Cette étude comporte quelques limites à considérer. Comme il est fréquent avec l’utilisation de données secondaires, la période de mesure diffère de celle de la collecte primaire. Ainsi, il est possible que pour le même échantillon, une mesure à un moment unique ait pu occasionner quelques variabilités dans les discours et les opinions des répondants, la réalité du travail d’accompagnement pouvant changer ou évoluer au fil du temps (ex. : changement dans les mesures d’aide disponibles, changement d’orientation ou d’organisation du travail). Cela dit, les deux collectes de données furent toutefois effectuées selon un protocole semblable, en utilisant une grille d’entretien similaire, certaines questions étant identiques pour la collecte primaire et secondaire. Il est donc approprié de croire que, mis à part les quelques inconvénients inhérents à l’utilisation de données secondaires, cette alternative fut fort enrichissante pour le contenu de l’étude.
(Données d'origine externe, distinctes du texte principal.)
Lemma BRBform_eq0 : (forall t, ~ spectrum ip D (pencil t) s%:C) ->
  forall x, BRBform x x = 0.
Proof.
move=> regular; have [M [sg [sg2 BRB_le near_max]]] := BRBform_extremal.
suff M_le0 : M <= 0.
  move=> x; apply/eqP; rewrite -normr_le0 (le_trans (BRB_le x)) //.
  exact: mulr_le0_ge0.
rewrite leNgt; apply/negP => M_gt0.
exact: regular _ (pencil_spectrum M_gt0 sg2 BRB_le near_max).
Qed.

End Resolvent.

Lemma resolvent_identity (lam lam' : R[i]) Rs Rs' y :
  resolvent_of A lam Rs -> resolvent_of A lam' Rs' ->
  Rs' y - Rs y = (lam' - lam) *: Rs (Rs' y).
Proof.
case=> [[Rs_lin _]] _ _ Rs_inv [_ Rs'_D Rs'_eq _].
have Ab : A (Rs' y) - lam *: Rs' y = y + (lam' - lam) *: Rs' y.
  move: (Rs'_eq y) => /(congr1 (fun v => v + (lam' - lam) *: Rs' y)) <-.
  by rewrite scalerBl addrA subrK.
have := Rs_inv _ (Rs'_D y); rewrite Ab (linear_onT_D Rs_lin) (linear_onT_Z Rs_lin).
by move=> {1}<-; rewrite addrAC subrr add0r.
Qed.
Il importe également de considérer qu’étant donné la grande variabilité constatée d’un endroit à l’autre (milieu rural vs urbain, petit CLE ou grand CLE, différences dans les façons de fonctionner à l'interne, etc.), il est possible que des propos rapportés ne siéent pas nécessairement à tous les agents d’aide à l’emploi ou à tous les CLE. De plus, étant donné que les agents d’aide à l’emploi semblent bénéficier d’un pouvoir décisionnel ainsi que de beaucoup d’autonomie et de marge de manœuvre dans leurs décisions et leurs interventions, il se peut, encore une fois, que certains propos décrits puissent ne pas refléter la réalité du travail fait par tous les agents. Ainsi, il est possible d’affirmer que la variabilité dans le fonctionnement que les résultats ont permis de constater affaiblit la validité externe de l’étude. On ne peut effectivement généraliser les résultats obtenus, car il semble clair que les particularités dans le travail sont spécifiques à chaque agent et de façon plus globale, à chaque établissement. Cela permet, en contrepartie, d’en apprendre plus sur les façons de faire dans le monde de l’accompagnement, soit que les services sont adaptables, vraisemblablement dans le but d’offrir un traitement personnalisé à chaque client.